▶ Data provided:

(* For every positive integer $D$ there is a deterministic algorithm (which may use $D$) such that, in every run whose sequence of communication graphs satisfies Assumption 1 with parameter $D$, the algorithm solves consensus, and every process has decided by round $r_{ST}+4D+1$, where $r_{ST}$ is the first round for which an interval $J=[r_{ST},r_{ST}+d]$ as in Assumption 1 exists.
   Context: Model: a finite set $\Pi$ of $n\ge2$ processes runs a deterministic algorithm in synchronous lock-step rounds $r=1,2,\dots$. An adversary fixes an infinite sequence of simple directed graphs $\mathcal{G}^1,\mathcal{G}^2,\dots$ on vertex set $\Pi$; $(p\to q)\in\mathcal{G}^r$ iff $q$ receives $p$'s round-$r$ message in round $r$. In round $r$ each process $p$ broadcasts a message determined by its current state (received exactly by its out-neighbours in $\mathcal{G}^r$), then computes its new state from its current state and the set of (sender, message) pairs it received in round $r$. Consensus: each process $p$ starts with an input value $v_p$ from an ordered set $V$ and may irrevocably decide a value; Agreement: any two decided values are equal; Validity: every decided value is the input value of some process; Termination: every process eventually decides. Causality: $p$ causally influences $q$ in round $t$ if $q=p$ or $(p\to q)\in\mathcal{G}^t$; a causal chain of length $k\ge1$ from $p$ in round $t$ to $q$ is a sequence $p=p_0,\dots,p_k=q$ with $p_i$ causally influencing $p_{i+1}$ in round $t+i$; the causal distance $d_t(p,q)$ is the least such $k$ ($\infty$ if none). A root component of $\mathcal{G}^t$ is a strongly connected component $\mathcal{R}$ with no edge $(q\to p)$, $p\in\mathcal{R}$, $q\notin\mathcal{R}$. For an interval $I=[r,s]$, an $I$-vertex-stable root component is a set $\mathcal{R}\subseteq\Pi$ that, in every round $t\in I$, is (the vertex set of) a root component of $\mathcal{G}^t$. When each $\mathcal{G}^x$ has a unique root component $\mathcal{R}^x$, the round-$x$ network causal diameter is $D^x=\max\{d_x(p,q):p\in\mathcal{R}^x,q\in\Pi\}$, and for $I=[r,s]$, $D^I=\max\{D^x: x\in I,\ x+D^x-1\le s\}$ ($\infty$ if this set is empty). An $I$-vertex-stable root component with $I=[r,s]$ is $D$-bounded if $D\ge D^I$ and $D^{s-D+1}\le D$. Assumption 1 (parameter $D$): for every round $r$ there is exactly one root component $\mathcal{R}^r$ in $\mathcal{G}^r$; every $I$-vertex-stable root component with $|I|\ge D$ (where $|[r,s]|=s-r+1$) is $D$-bounded; and there exists an interval $J=[r_{ST},r_{ST}+d]$ with $d>4D$ such that there is a $D$-bounded $J$-vertex-stable root component. *)

From mathcomp Require Import all_boot all_order.
Set Implicit Arguments.
Unset Strict Implicit.
Unset Printing Implicit Defensive.

(* Processes are 'I_n; a communication graph is a relation on 'I_n;
   G r p q  means  (p -> q) is an edge of the round-r graph (rounds r >= 1;
   G 0 is irrelevant). *)
Definition graph_seq (n : nat) := nat -> rel 'I_n.

Definition simple_graphs n (G : graph_seq n) := forall r, irreflexive (G r).

Record Algorithm (n : nat) (V : Type) := {
  St : Type;
  Msg : Type;
  init : 'I_n -> V -> St;
  send : 'I_n -> St -> Msg;
  trans : 'I_n -> St -> ('I_n -> option Msg) -> St; (* received: sender |-> message, if any *)
  decision : 'I_n -> St -> option V
}.
Arguments init {n V} a _ _.
Arguments send {n V} a _ _.
Arguments trans {n V} a _ _ _.
Arguments decision {n V} a _ _.

Fixpoint state n V (A : Algorithm n V) (G : graph_seq n) (inp : 'I_n -> V)
    (r : nat) : 'I_n -> St A :=
  match r with
  | 0 => fun p => init A p (inp p)
  | r'.+1 => fun p =>
      trans A p (state A G inp r' p)
        (fun q => if G r'.+1 q p then Some (send A q (state A G inp r' q)) else None)
  end.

▶ Directions for this task:
Print each of the lines above again, unchanged.

▶ Task result:
(* For every positive integer $D$ there is a deterministic algorithm (which may use $D$) such that, in every run whose sequence of communication graphs satisfies Assumption 1 with parameter $D$, the algorithm solves consensus, and every process has decided by round $r_{ST}+4D+1$, where $r_{ST}$ is the first round for which an interval $J=[r_{ST},r_{ST}+d]$ as in Assumption 1 exists.
   Context: Model: a finite set $\Pi$ of $n\ge2$ processes runs a deterministic algorithm in synchronous lock-step rounds $r=1,2,\dots$. An adversary fixes an infinite sequence of simple directed graphs $\mathcal{G}^1,\mathcal{G}^2,\dots$ on vertex set $\Pi$; $(p\to q)\in\mathcal{G}^r$ iff $q$ receives $p$'s round-$r$ message in round $r$. In round $r$ each process $p$ broadcasts a message determined by its current state (received exactly by its out-neighbours in $\mathcal{G}^r$), then computes its new state from its current state and the set of (sender, message) pairs it received in round $r$. Consensus: each process $p$ starts with an input value $v_p$ from an ordered set $V$ and may irrevocably decide a value; Agreement: any two decided values are equal; Validity: every decided value is the input value of some process; Termination: every process eventually decides. Causality: $p$ causally influences $q$ in round $t$ if $q=p$ or $(p\to q)\in\mathcal{G}^t$; a causal chain of length $k\ge1$ from $p$ in round $t$ to $q$ is a sequence $p=p_0,\dots,p_k=q$ with $p_i$ causally influencing $p_{i+1}$ in round $t+i$; the causal distance $d_t(p,q)$ is the least such $k$ ($\infty$ if none). A root component of $\mathcal{G}^t$ is a strongly connected component $\mathcal{R}$ with no edge $(q\to p)$, $p\in\mathcal{R}$, $q\notin\mathcal{R}$. For an interval $I=[r,s]$, an $I$-vertex-stable root component is a set $\mathcal{R}\subseteq\Pi$ that, in every round $t\in I$, is (the vertex set of) a root component of $\mathcal{G}^t$. When each $\mathcal{G}^x$ has a unique root component $\mathcal{R}^x$, the round-$x$ network causal diameter is $D^x=\max\{d_x(p,q):p\in\mathcal{R}^x,q\in\Pi\}$, and for $I=[r,s]$, $D^I=\max\{D^x: x\in I,\ x+D^x-1\le s\}$ ($\infty$ if this set is empty). An $I$-vertex-stable root component with $I=[r,s]$ is $D$-bounded if $D\ge D^I$ and $D^{s-D+1}\le D$. Assumption 1 (parameter $D$): for every round $r$ there is exactly one root component $\mathcal{R}^r$ in $\mathcal{G}^r$; every $I$-vertex-stable root component with $|I|\ge D$ (where $|[r,s]|=s-r+1$) is $D$-bounded; and there exists an interval $J=[r_{ST},r_{ST}+d]$ with $d>4D$ such that there is a $D$-bounded $J$-vertex-stable root component. *)

From mathcomp Require Import all_boot all_order.
Set Implicit Arguments.
Unset Strict Implicit.
Unset Printing Implicit Defensive.

(* Processes are 'I_n; a communication graph is a relation on 'I_n;
   G r p q  means  (p -> q) is an edge of the round-r graph (rounds r >= 1;
   G 0 is irrelevant). *)
Definition graph_seq (n : nat) := nat -> rel 'I_n.

Definition simple_graphs n (G : graph_seq n) := forall r, irreflexive (G r).

Record Algorithm (n : nat) (V : Type) := {
  St : Type;
  Msg : Type;
  init : 'I_n -> V -> St;
  send : 'I_n -> St -> Msg;
  trans : 'I_n -> St -> ('I_n -> option Msg) -> St; (* received: sender |-> message, if any *)
  decision : 'I_n -> St -> option V
}.
Arguments init {n V} a _ _.
Arguments send {n V} a _ _.
Arguments trans {n V} a _ _ _.
Arguments decision {n V} a _ _.

Fixpoint state n V (A : Algorithm n V) (G : graph_seq n) (inp : 'I_n -> V)
    (r : nat) : 'I_n -> St A :=
  match r with
  | 0 => fun p => init A p (inp p)
  | r'.+1 => fun p =>
      trans A p (state A G inp r' p)
        (fun q => if G r'.+1 q p then Some (send A q (state A G inp r' q)) else None)
  end.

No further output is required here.